When I first decided to make the trip to Chicago’s South Side, my political advisers fervently warned me against it: Sharing a stage with inner-city residents with criminal backgrounds would provide my GOP primary opponents fodder — and there’s a reason Republican presidential candidates don’t go to inner cities.
Left-wing media were equally displeased before I even showed up: One reporter cautioned my visit would only sow division between Chicago’s “black and brown communities.”
But a central goal of my presidential campaign is to close the gap between what people are willing to say behind closed doors and what they say in public.
To speak the truth. Even when it’s hard, when it’s uncomfortable.
I believe Thomas Sowell is right: “When you want to help people, you tell them the truth. When you want to help yourself, you tell them what they want to hear.”
So we went. And yes, there were some awkward moments when I visited South Shore for a series of events Friday.
I started the morning facing an audience of more than 100 people packed into a community center that no traditional Republican presidential candidate would dare visit.
The crowd was mostly black. It was nearly unanimously in favor of racial reparations — and unafraid to press me hard on why I’m against them.

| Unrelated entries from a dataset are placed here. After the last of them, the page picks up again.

Lemma is_derive_sigmoid z : is_derive z 1 (@sigmoid R) (dsigmoid z).
Proof.
have e0 : 1 + expR (- z) != 0 by rewrite gt_eqF // ltr_wpDr ?expR_ge0.
have Hden : is_derive z 1 (fun y : R => 1 + expR (- y)) (- expR (- z)).
  by apply: is_derive_eq; rewrite add0r mul1r mulrN1.
have -> : @sigmoid R = (fun y : R => (1 + expR (- y))^-1).
  by apply/funext => y; rewrite /sigmoid div1r.
apply: is_derive_eq (is_deriveV (f := fun y => 1 + expR (- y)) e0 Hden) _.
by rewrite /dsigmoid /sigmoid /GRing.scale /=; field.
Qed.

Lemma dist_sigmoid_le a b : `|sigmoid a - sigmoid b| <= `|a - b|.
Proof.
wlog ab : a b / a <= b.
  by move=> H; case: (leP a b) => [/H //|/ltW /H]; rewrite distrC (distrC a).
rewrite distrC (distrC a).
have [|c _ ->] := MVT_segment ab (fun y _ => is_derive_sigmoid y).
  by apply: derivable_within_continuous => y _; case: (is_derive_sigmoid y).
by rewrite normrM ler_piMl // norm_dsigmoid_le1.
Qed.

Lemma dist_dsigmoid_le a b : `|dsigmoid a - dsigmoid b| <= `|a - b|.
Proof.
have -> : dsigmoid a - dsigmoid b =
          (sigmoid a - sigmoid b) * (1 - sigmoid a - sigmoid b).
  by rewrite /dsigmoid; ring.
rewrite normrM; apply: le_trans (dist_sigmoid_le a b); apply: ler_piMr => //.
have := sigmoid_gt0 a; have := sigmoid_gt0 b.
have := sigmoid_lt1 a; have := sigmoid_lt1 b.
by rewrite ler_norml => *; apply/andP; split; lra.
Qed.

Lemma dist_dsigmoid_mul_le (z1 z2 S1 S2 : R) :
  `|dsigmoid z1 * S1 - dsigmoid z2 * S2| <= `|z1 - z2| * `|S1| + `|S1 - S2|.
Proof.
apply: le_trans (dist_mul_le _ _ _ _) (lerD _ _).
  by rewrite ler_wpM2r ?dist_dsigmoid_le.
by rewrite ler_piMl ?norm_dsigmoid_le1.
Qed.

End Sigmoid.

Lemma is_derive_sum_fun (R : realType) n (h : 'I_n -> R -> R) (dh : 'I_n -> R) (x : R) :
  (forall i, is_derive x 1 (h i) (dh i)) ->
  is_derive x 1 (fun t => \sum_(i < n) h i t) (\sum_(i < n) dh i).
Proof. by move=> H; have := is_derive_sum H; rewrite fct_sumE. Qed.

Section Gradient.
Variables (R : realType) (d L r K : nat).
Local Notation W := (widx d L r K).
Implicit Types (w : W -> R) (x : 'I_d -> R) (e : W).
Lemma expDprime_supported P (d : k) q :
  Dmove_closed P P -> supported_in P q -> supported_in P (expDprime d q).
Proof.
move=> PP qP m Pm; rewrite expDprime_coef big1 // => i _.
by rewrite (@iter_Dprime_supported (fun=> P)) ?mulr0.
Qed.

Lemma iter_Dprime_monomial_weight M i :
  supported_in (fun m => weight m + i == weight M)%N (iter i D 'X_[M]).
Proof.
apply: (@iter_Dprime_supported (fun i m => weight m + i == weight M)%N)
  => [{}i u j j_ge2|m].
  by rewrite /= weight_Dmove // addSnnS.
by rewrite mcoeffX addn0; case: (eqVneq M m) => [<-|//]; rewrite eqxx.
Qed.

(* Iterates of D' on a polynomial with natural-number coefficients keep
   natural-number coefficients: D' has nonnegative integer structure constants. *)
Definition is_natr (x : k) := exists c : nat, x = c%:R.

Lemma is_natr_sum (I : Type) (r : seq I) (C : pred I) (F : I -> k) :
  (forall i, C i -> is_natr (F i)) -> is_natr (\sum_(i <- r | C i) F i).
Proof.
move=> FN; apply: (big_ind is_natr) => //; first by exists 0%N.
by move=> _ _ [a ->] [b ->]; exists (a + b)%N; rewrite natrD.
Qed.

Definition nat_coeffs q := forall m, is_natr q@_m.

Lemma Dprime_term_natr q (j : 'I_n.+1) m : nat_coeffs q ->
  is_natr ((j.-1)%:R * (q^`M(j) * 'X_(inord j.-1 : 'I_n.+1))@_m).
Proof.
move=> qN; rewrite mcoeffMX_cases; case: ifP => _; last by exists 0%N; rewrite mulr0.
rewrite mcoeff_deriv; have [c ->] := qN ((m - U_(inord j.-1)) + U_(j))%MM.
by exists (j.-1 * (c * ((m - U_(inord j.-1))%MM j).+1))%N; rewrite !natrM mulr_natr.
Qed.

Lemma nat_coeffs_iter q i : nat_coeffs q -> nat_coeffs (iter i D q).
Proof.
move=> qN; elim: i => [|i IH] //= m; rewrite Dprime_coef.
by apply: is_natr_sum => j _; apply: Dprime_term_natr.
Qed.

Hypothesis chark0 : [pchar k] =i pred0.

(* In characteristic zero no cancellation can occur: a move out of a monomial
   with nonzero coefficient yields a monomial with nonzero coefficient. *)
Lemma Dprime_coef_neq0 q u (j : 'I_n.+1) : nat_coeffs q -> (2 <= j)%N ->
  q@_(U_(j) + u)%MM != 0 -> (D q)@_(U_(inord j.-1) + u)%MM != 0.
Proof.
move=> qN j_ge2 qj_neq0.
rewrite Dprime_coef (bigD1 j) //= mcoeffMX_cases mnmDE mnm1E eqxx add1n /=.
rewrite addmC addmK mcoeff_deriv addmC.
set rest := \sum_(i | _) _.
have [c' ->] : is_natr rest by apply: is_natr_sum => i _; apply: Dprime_term_natr.
have [c qc] := qN (U_(j) + u)%MM; rewrite qc in qj_neq0 *.
rewrite -[c%:R *+ _]mulr_natr -!natrM -natrD natr_neq0 //.
have : (c != 0)%N by apply: contraNneq qj_neq0 => ->.
nia.
Qed.

Lemma Dpath_coef_neq0 q M i m : nat_coeffs q -> q@_M != 0 ->
  Dpath i M m -> (iter i D q)@_m != 0.
Proof.
move=> qN qM path; elim: path qM => [//|{}i {}M u j _ IH j_ge2] qM /=.
by apply: Dprime_coef_neq0 => //; [apply: nat_coeffs_iter | apply: IH].
Qed.

End Derivation.

(* The t-degree and x-degree bounds of R_{alpha,beta} cut out a box of
   monomials; inside it, those not of the form t^alpha x^beta lie below a
   corner.  Both regions are unions of fibres of (t-degree, total degree),
   hence preserved by the moves of D'. *)
Definition in_box {n : nat} (a b : nat) : pred 'X_{1..n.+1} :=
  fun m => (m ord0 <= a)%N && (xdeg m <= b)%N.

Definition below_corner {n : nat} (a b : nat) : pred 'X_{1..n.+1} :=
  fun m => (m ord0 != a) || (xdeg m < b)%N.

Section LeadingTerm.
Context {k : fieldType} {n : nat}.
Hypothesis n_gt0 : (1 <= n)%N.
Context {alpha beta : nat} {p : {mpoly k[n.+1]}}.
Hypothesis pR : Rset alpha beta p.

Local Notation D := (@Dprime k n).
Local Notation Rlead := (mon_t_x alpha beta (inord n)).
Local Notation Qlead := (mon_t_x alpha beta (inord 1)).
Local Notation Box := (@in_box n alpha beta).
Local Notation Corner := (@below_corner n alpha beta).

Lemma box_Dmove_closed : Dmove_closed (Box) (Box).
Proof. exact: (Dmove_invariant (fun c e => (c <= alpha)%N && (e - c <= beta)%N)). Qed.

Lemma corner_Dmove_closed :
  Dmove_closed (Corner) (Corner).
Proof. exact: (Dmove_invariant (fun c e => (c != alpha) || (e - c < beta)%N)). Qed.

Lemma Rset_support m : m \in msupp p -> (xdeg m <= beta)%N /\
  (m = Rlead \/ (m ord0 < alpha)%N \/ (m ord0 = alpha /\ (xdeg m < beta)%N)).
Proof.
case: pR => _ [deg_le [_ below_lead]] m_supp.
split; first by rewrite -xdegE; apply: deg_le.
case: (eqVneq m Rlead) => [->|m_neq]; [by left | right].
by apply: lex_below_Rlead => //; apply: below_lead => // m_eq; rewrite m_eq eqxx in m_neq.
Qed.

Lemma Rset_supported_box : supported_in Box p.
Proof.
move=> m m_out; apply/eqP; rewrite mcoeff_eq0; apply: contra m_out.
move=> /Rset_support[xdeg_le shape]; rewrite /in_box xdeg_le andbT.
by case: shape => [->|[/ltnW|[->]]] //; rewrite mon_t_x_at0 ?(inord_n_neq0 n_gt0).
Qed.

Lemma Rset_tail_supported :
  supported_in (Corner) (p - p@_Rlead *: 'X_[Rlead]).
Proof.
move=> m m_out; rewrite mcoeffB mcoeffZ mcoeffX.
case: (eqVneq Rlead m) => [<-|m_neq]; first by rewrite mulr1 subrr.
rewrite mulr0 subr0; apply/eqP; rewrite mcoeff_eq0; apply: contra m_out.
case/Rset_support => _ [m_eq|[lt|[_ lt]]]; last by rewrite /below_corner lt orbT.
  by rewrite m_eq eqxx in m_neq.
by rewrite /below_corner neq_ltn lt.
Qed.

(* Only the leading term of p contributes to the coefficient of t^alpha x_1^beta
   in D'^i p, since t^alpha x_1^beta is not below the corner. *)
Lemma iter_coef_Qlead i :
  (iter i D p)@_Qlead = p@_Rlead * (iter i D 'X_[Rlead])@_Qlead.
Proof.
set tail := p - p@_Rlead *: 'X_[Rlead].
have tail_vanishes : (iter i D tail)@_Qlead = 0.
  apply: (@iter_Dprime_supported _ _ (fun=> Corner)) => //.
  - by move=> _; apply: corner_Dmove_closed.
  - exact: Rset_tail_supported.
  have one_neq0 := inord_1_neq0 n_gt0.
  by rewrite /below_corner mon_t_x_at0 // xdeg_mon_t_x // eqxx ltnn.
rewrite -{1}(subrK (p@_Rlead *: 'X_[Rlead]) p) -/tail addrC iter_Dprime_linear.
by rewrite mcoeffD mcoeffZ tail_vanishes addr0.
Qed.
(* Let $\mathcal C$ be a small cancellative category (all morphisms are monomorphisms and epimorphisms). If $\mathcal C$ contains no nonidentity retractions, then for every morphism $\alpha$ of $\mathcal C$ the comma category $\mathfrak F\mathcal C/\alpha$ is a partially ordered set.
   Context: The factorization category $\mathfrak F\mathcal C$ has the morphisms of $\mathcal C$ as objects; for $\alpha:a\to b$ and $\beta:a'\to b'$, a morphism $\alpha\to\beta$ is a pair $(f,g)$ with $f:a'\to a$, $g:b\to b'$ and $g\circ\alpha\circ f=\beta$; composition of $(f_1,g_1):\alpha\to\beta$ and $(f_2,g_2):\beta\to\gamma$ is $(f_1\circ f_2,g_2\circ g_1)$. The comma category $\mathfrak F\mathcal C/\alpha$ has objects pairs $(\beta,\varphi)$ with $\varphi:\beta\to\alpha$ in $\mathfrak F\mathcal C$, and morphisms $\psi:\beta\to\beta'$ with $\varphi'\circ\psi=\varphi$. A retraction is a morphism $r$ for which there is $s$ with $r\circ s$ an identity. A small category is a partially ordered set if between any two objects there is at most one morphism and objects with morphisms in both directions coincide. *)

Set Implicit Arguments.

Record Cat := {
  Ob : Type;
  Hom : Ob -> Ob -> Type;
  cid : forall a, Hom a a;
  comp : forall a b d, Hom b d -> Hom a b -> Hom a d;
  comp_assoc : forall a b c d (h : Hom c d) (g : Hom b c) (f : Hom a b),
      comp h (comp g f) = comp (comp h g) f;
  comp_id_l : forall a b (f : Hom a b), comp (cid b) f = f;
  comp_id_r : forall a b (f : Hom a b), comp f (cid a) = f
}.
Arguments cid {_} _.
Arguments comp {_ _ _ _} _ _.

Section Defs.
Variable C : Cat.

Definition monic {a b} (f : Hom C a b) : Prop :=
  forall x (g h : Hom C x a), comp f g = comp f h -> g = h.
Definition epic {a b} (f : Hom C a b) : Prop :=
  forall y (g h : Hom C b y), comp g f = comp h f -> g = h.

Definition cancellative : Prop :=
  forall a b (f : Hom C a b), monic f /\ epic f.

Definition is_identity {a b} (r : Hom C a b) : Prop :=
  exists e : a = b, eq_rect a (fun x => Hom C a x) (cid a) b e = r.

Definition retraction {a b} (r : Hom C a b) : Prop :=
  exists s : Hom C b a, comp r s = cid b.

Definition no_nonidentity_retractions : Prop :=
  forall a b (r : Hom C a b), retraction r -> is_identity r.

Record FObj := { fsrc : Ob C; ftgt : Ob C; fmor : Hom C fsrc ftgt }.

Record FHom (x y : FObj) := {
  fh_f : Hom C (fsrc y) (fsrc x);
  fh_g : Hom C (ftgt x) (ftgt y);
  fh_eq : comp fh_g (comp (fmor x) fh_f) = fmor y
}.

Lemma fcomp_eq (x y z : FObj) (p : FHom x y) (q : FHom y z) :
  comp (comp (fh_g q) (fh_g p)) (comp (fmor x) (comp (fh_f p) (fh_f q))) = fmor z.
Proof.
  destruct p as [f1 g1 e1], q as [f2 g2 e2]; simpl.
  rewrite <- e2, <- e1.
  rewrite !comp_assoc. reflexivity.
Qed.

Definition fcomp (x y z : FObj) (p : FHom x y) (q : FHom y z) : FHom x z :=
  {| fh_f := comp (fh_f p) (fh_f q); fh_g := comp (fh_g q) (fh_g p);
     fh_eq := fcomp_eq p q |}.

Record CommaObj (alpha : FObj) := { cdom : FObj; cmap : FHom cdom alpha }.

Record CommaHom (alpha : FObj) (X Y : CommaObj alpha) := {
  cpsi : FHom (cdom X) (cdom Y);
  ceq : fcomp cpsi (cmap Y) = cmap X
}.

End Defs.

Definition is_poset (O : Type) (H : O -> O -> Type) : Prop :=
  (forall x y (f g : H x y), f = g) /\ (forall x y, H x y -> H y x -> x = y).

(** The comma category F C/alpha is the slice of F C over alpha, and F C
    inherits both hypotheses from C, since its morphisms are pairs of
    morphisms of C composed componentwise.  In a slice of a cancellative
    category the structure map is monic, so there is at most one morphism
    between two objects over the base; and if there are morphisms in both
    directions, their composite is an endomorphism over the base, hence the
    identity, which makes one of them a retraction and thus an identity. *)
From Stdlib Require Import ProofIrrelevance.

Section Factorization.
Variable C : Cat.

Lemma FHom_ext (x y : FObj C) (p q : FHom x y) :
  fh_f p = fh_f q -> fh_g p = fh_g q -> p = q.
Proof.
  destruct p as [f g e], q as [f' g' e']; simpl; intros -> ->.
  f_equal; apply proof_irrelevance.
Qed.

Lemma CommaHom_ext (alpha : FObj C) (X Y : CommaObj alpha) (u v : CommaHom X Y) :
  cpsi u = cpsi v -> u = v.
Proof.
  destruct u, v; simpl; intros ->; f_equal; apply proof_irrelevance.
Qed.

Lemma fid_eq (x : FObj C) : comp (cid (ftgt x)) (comp (fmor x) (cid (fsrc x))) = fmor x.
Proof. now rewrite comp_id_l, comp_id_r. Qed.

Definition fid (x : FObj C) : FHom x x :=
  {| fh_f := cid (fsrc x); fh_g := cid (ftgt x); fh_eq := fid_eq x |}.

Definition FCat : Cat.
Proof.
  refine {| Ob := FObj C; Hom := @FHom C; cid := fid;
            comp := fun x y z q p => fcomp p q |}.
  - intros; apply FHom_ext; simpl; now rewrite comp_assoc.
  - intros; apply FHom_ext; simpl; rewrite ?comp_id_l, ?comp_id_r; reflexivity.
  - intros; apply FHom_ext; simpl; rewrite ?comp_id_l, ?comp_id_r; reflexivity.
Defined.

Lemma FCat_cancellative : cancellative C -> cancellative FCat.
Proof.
  intros Hc x y r; split.
  - intros w p q E.
    apply FHom_ext.
    + apply (proj2 (Hc _ _ (fh_f r))); exact (f_equal (@fh_f _ _ _) E).
    + apply (proj1 (Hc _ _ (fh_g r))); exact (f_equal (@fh_g _ _ _) E).
  - intros w p q E.
    apply FHom_ext.
    + apply (proj1 (Hc _ _ (fh_f r))); exact (f_equal (@fh_f _ _ _) E).
    + apply (proj2 (Hc _ _ (fh_g r))); exact (f_equal (@fh_g _ _ _) E).
Qed.

Lemma FCat_no_nonidentity_retractions :
  no_nonidentity_retractions C -> no_nonidentity_retractions FCat.
Proof.
  intros Hr [a b m] [a' b' m'] [rf rg re] [[sf sg se] E].
  pose proof (f_equal (@fh_f _ _ _) E) as Ef; pose proof (f_equal (@fh_g _ _ _) E) as Eg.
  cbn in Ef, Eg; clear E se; cbn in *.
  destruct (Hr _ _ sf (ex_intro _ rf Ef)) as [ea Hsf].
  destruct (Hr _ _ rg (ex_intro _ sg Eg)) as [eb Hrg].
  destruct ea, eb; cbn in Hsf, Hrg; subst sf rg.
  rewrite comp_id_l in Ef; subst rf.
  assert (m' = m) as -> by now rewrite <- re, comp_id_l, comp_id_r.
  exists eq_refl; now apply FHom_ext.
Qed.

End Factorization.

Section Slice.
Context {D : Cat}.
Hypothesis D_cancellative : cancellative D.

Lemma slice_hom_unique {a b t} (m : Hom D a t) (n : Hom D b t) (u v : Hom D a b) :
  comp n u = m -> comp n v = m -> u = v.
Proof.
  intros Hu Hv; apply (proj1 (D_cancellative _ _ n)); now rewrite Hu, Hv.
Qed.

Hypothesis D_no_nonidentity_retractions : no_nonidentity_retractions D.

Lemma slice_cycle_identity {a b t} (m : Hom D a t) (n : Hom D b t)
    (u : Hom D a b) (v : Hom D b a) :
  comp n u = m -> comp m v = n -> is_identity D v.
Proof.
  intros Hu Hv; apply D_no_nonidentity_retractions; exists u.
  apply (slice_hom_unique m m).
  - now rewrite comp_assoc, Hv.
  - apply comp_id_r.
Qed.

End Slice.

Theorem mainTheorem14 (C : Cat) :
  cancellative C -> no_nonidentity_retractions C ->
  forall (a b : Ob C) (alpha : Hom C a b),
    @is_poset (@CommaObj C {| fsrc := a; ftgt := b; fmor := alpha |})
             (@CommaHom C {| fsrc := a; ftgt := b; fmor := alpha |}).
Proof.
  intros Hc Hr a b alpha.
  pose proof (FCat_cancellative _ Hc) as Hc'.
  pose proof (FCat_no_nonidentity_retractions _ Hr) as Hr'.
  split.
  - intros X Y u v; apply CommaHom_ext.
    exact (slice_hom_unique Hc' (cmap X) (cmap Y) _ _ (ceq u) (ceq v)).
  - intros [x phi] [y phi'] psi [chi Hchi].
    destruct (slice_cycle_identity Hc' Hr' phi phi' _ _ (ceq psi) Hchi)
      as [e Hid].
    destruct e; cbn in Hid; subst chi.
    cbn in Hchi; subst phi'; f_equal; symmetry; exact (comp_id_r (FCat C) _ _ phi).
Qed.
Lemma normf_universal (a s t : F) :
  normf a s t = 0 -> (s != 0) || (t != 0) -> forall r, exists s' t', normf a s' t' = r.
Proof.
move=> N0 st0 r.
have t0 : t != 0.
  apply: contraTneq st0 => t0; move: N0; rewrite /normf t0 !mulr0 !addr0 eqxx /= orbF negbK.
  by move/eqP; rewrite mulf_eq0 orbb.
pose l := (r - 1) / t.
exists (l * s + 1), (l * t).
have -> : normf a (l * s + 1) (l * t) = l * l * normf a s t + l * t + 1.
  by apply: (char2_eq (erefl 0) (k := l * s)); rewrite /normf; ring.
by rewrite N0 mulr0 add0r /l divfK // subrK.
Qed.

Lemma normf_rep1 (a b r s t : F) : b != 0 -> [|| r != 0, s != 0 | t != 0] ->
  b * normf a s t = r ^+ 2 -> exists s' t', b * normf a s' t' = 1.
Proof.
move=> b0 rst0 bN; have [r0|r0] := eqVneq r 0; last first.
  exists (s / r), (t / r).
  have -> : b * normf a (s / r) (t / r) = b * normf a s t / r ^+ 2 by rewrite /normf; field.
  by rewrite bN divff // expf_neq0.
have N0 : normf a s t = 0.
  by move/eqP: bN; rewrite r0 expr0n mulf_eq0 (negbTE b0) => /eqP.
move: rst0; rewrite r0 eqxx /= => st0.
have [s' [t' Nb]] := normf_universal N0 st0 b^-1.
by exists s', t'; rewrite Nb divff.
Qed.

Lemma qmul_pure_sqr (a b s t : F) :
  qmul a b (Quat 0 0 s t) (Quat 0 0 s t) = Quat (b * normf a s t) 0 0 0.
Proof.
rewrite /= /normf; congr Quat; try ring.
by apply: (char2_eq (erefl 0) (k := b * s * t)); ring.
Qed.

Lemma artin_schreier_coord (a b al : F) (x : quat F) :
  qmul a b x x = qadd (Quat al 0 0 0) (qscale (-1) x) ->
  q1 x = 1 \/ x = Quat (q0 x) 0 0 0.
Proof.
case: x => p0 p1 p2 p3 /= [e0 e1 e2 e3].
have p1_idem : p1 * p1 = p1.
  by apply: (char2_eq e1 (k := p1 * p1 - p1 - p0 * p1 - b * p2 * p3)); ring.
have [p10|p1n0] := eqVneq p1 0; last by left; apply: (mulIf p1n0); rewrite mul1r.
right; subst p1.
have -> : p2 = 0 by apply: (char2_eq e2 (k := - (p0 * p2))); ring.
by have -> : p3 = 0 by apply: (char2_eq e3 (k := - (p0 * p3))); ring.
Qed.
Theorem mainTheorem19
  (A B C D : int) (alpha : R) (d : nat) (lambda : R) (a b c : nat -> Q) :
  (0 < intR A)%R ->
  Zirreducible (cubic A B C D) ->
  (forall x : R, peval (cubic A B C D) x = 0%R <-> x = alpha) ->
  let theta := (3 * intR A * alpha + intR B)%R in
  (0 < d)%nat ->
  (forall x : R, inK theta x -> alg_int x ->
     exists u v w : Z,
       x = ((IZR u + IZR v * theta + IZR w * theta ^ 2) / INR d)%R) ->
  inK theta lambda -> alg_int lambda -> alg_int (/ lambda)%R ->
  (1 < lambda)%R ->
  (forall n : nat,
     (Q2R (a n) + Q2R (b n) * theta + Q2R (c n) * theta ^ 2)%R = (lambda ^ n)%R) ->
  let k := fun n : nat => (INR d * Q2R (c n))%R in
  let l := fun n : nat => (9 * intR A ^ 2 * k n)%R in
  exists n0 : nat, forall n : nat, (n0 < n)%nat ->
    nearfrac (l n * alpha) = (3 * intR A * nearfrac (k n * theta))%R /\
    nearfrac (l n * alpha ^ 2) =
      (nearfrac (k n * theta ^ 2) - 2 * intR B * nearfrac (k n * theta))%R.
Proof.
move=> A_gt0 irr roots theta /ssrnat.ltP/lt_0_INR d_gt0 basis _ lambda_int
  lambda_inv_int lambda_gt1 lambda_pow k l.
have th_iff := depressed_root_iff A_gt0 roots.
have th_root := proj2 (th_iff theta) erefl.
have th_unique t := proj1 (th_iff t).
have th_irr := theta_irrational A_gt0 irr (proj2 (roots alpha) erefl).
have [p_int q_int] : isZ (cubic_p A B C) /\ isZ (cubic_q A B C D).
  by rewrite /cubic_p /cubic_q; split; solve_isZ.
set M := 3 * intR A + 2 * Rabs (intR B) + 1.
have M_gt0 : 0 < M by have := Rabs_pos (intR B); rewrite /M; lra.
have [N nearN] := scaled_coords_near_integers p_int q_int th_root th_unique th_irr
  d_gt0 basis lambda_gt1 lambda_int lambda_inv_int lambda_pow
  (Rinv_0_lt_compat _ (Rmult_lt_0_compat 2 M ltac:(lra) M_gt0)).
exists N => n /nearN [k_int [v [s [y [e [kthE [kth2E err_small]]]]]]].
apply: (nearfrac_shift_alpha (isZ_intR A) (isZ_intR B) k_int A_gt0 erefl kthE kth2E).
have -> : / 2 = M * / (2 * M) by field; lra.
exact: Rmult_lt_compat_l.
Qed.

One questioner turned her back and walked out as I was in the middle of answering why I’m against race-conscious economic policies.
When I later got a haircut at a barbershop down the street, I was grilled again on the same.
Yes, there were heated moments. But through the disagreement and divergence, something interesting happened: An America-First GOP presidential candidate and a room full of mostly Chicago inner-city black activists and residents found common cause.
Some of it was rooted in policy substance. To my surprise, the activists I met were far more critical of Democrats than of Republicans.
Abandoned by their leaders, South Shore residents are fed up that their community is on track to being flooded with illegal migrants who will be housed at the high school, costing thousands of dollars per month per migrant, while locals are struggling.
They applauded when I committed to use the military to secure the southern border; Posse Comitatus didn’t come up in conversation.
They cheered when I pointed out how much money is wasted on a per-student basis in public schools that could instead directly support families and their kids; gender identity and trans rights weren’t at the top of their list of concerns.
But the deeper unity we found had less to do with our areas of policy agreement than with the simpler fact I chose to show up at all.
When I announced my trip, social media lit up to warn me of real risks: “Wear body armor”; “Make sure you are packing”; “Wear a helmet.”
South Side residents know those threats all too well.
After my haircut, I took a walk with one community activist, Tyrone, to South Shore High School. He talked about some of the difficulties he faced finding a job after coming out of prison.
I asked him how long he’d been in. Answer: 21 years. For what? Answer: murder.
That was a campaign-trail “first” for me.
But the beauty of the moment was that Tyrone knew it too — and he was quietly gracious in the way he handled some of his likely policy disagreements with me even as others confronted me on them later that day.
Residents challenged me but also tempered their disagreements with me to embrace open conversation instead.
When they asked Tyrone why he’s supporting me, he clarified he isn’t — but also that he, like me, doesn’t care for “checking some box” on a government form about his race or hearing elitist talk about “diversity, equity and inclusion” either.
At the Chicago events, we handed out a campaign leaflet we distribute at conservative grassroots rallies in Iowa, New Hampshire and South Carolina highlighting my opposition to race-based affirmative action.
I let the audience know: I refused to say something different to them than I say to my own Republican primary base. They reciprocated in kind.
That’s really what unified us. I respected their honesty, and they respected mine.
I left Chicago with friendships that will outlive my campaign.
That’s our path to national unity — not compromising on our respective principles but rediscovering the few we do still share while finding common cause in honesty and open dialogue.
I arrived on the South Side thinking this would be a one-time campaign stop, with security detail and a healthy dose of caution.
I left Chicago convinced that stops in inner cities across America will become a staple of our campaign.
Next month we’re heading to Kensington, a deserted Philadelphia “hood” where violence and drug abuse abound. We’ll head to the South Bronx after that.
I invite the rest of the GOP this year to follow Ronald Reagan’s lead: He too showed up in the South Bronx in 1980.
He was heckled by locals, and I might be too. But he was there.
We don’t have to compromise on our principles to show up.
To the contrary, showing up might be our best chance of actually reviving them.
Vivek Ramaswamy is a 2024 Republican presidential candidate.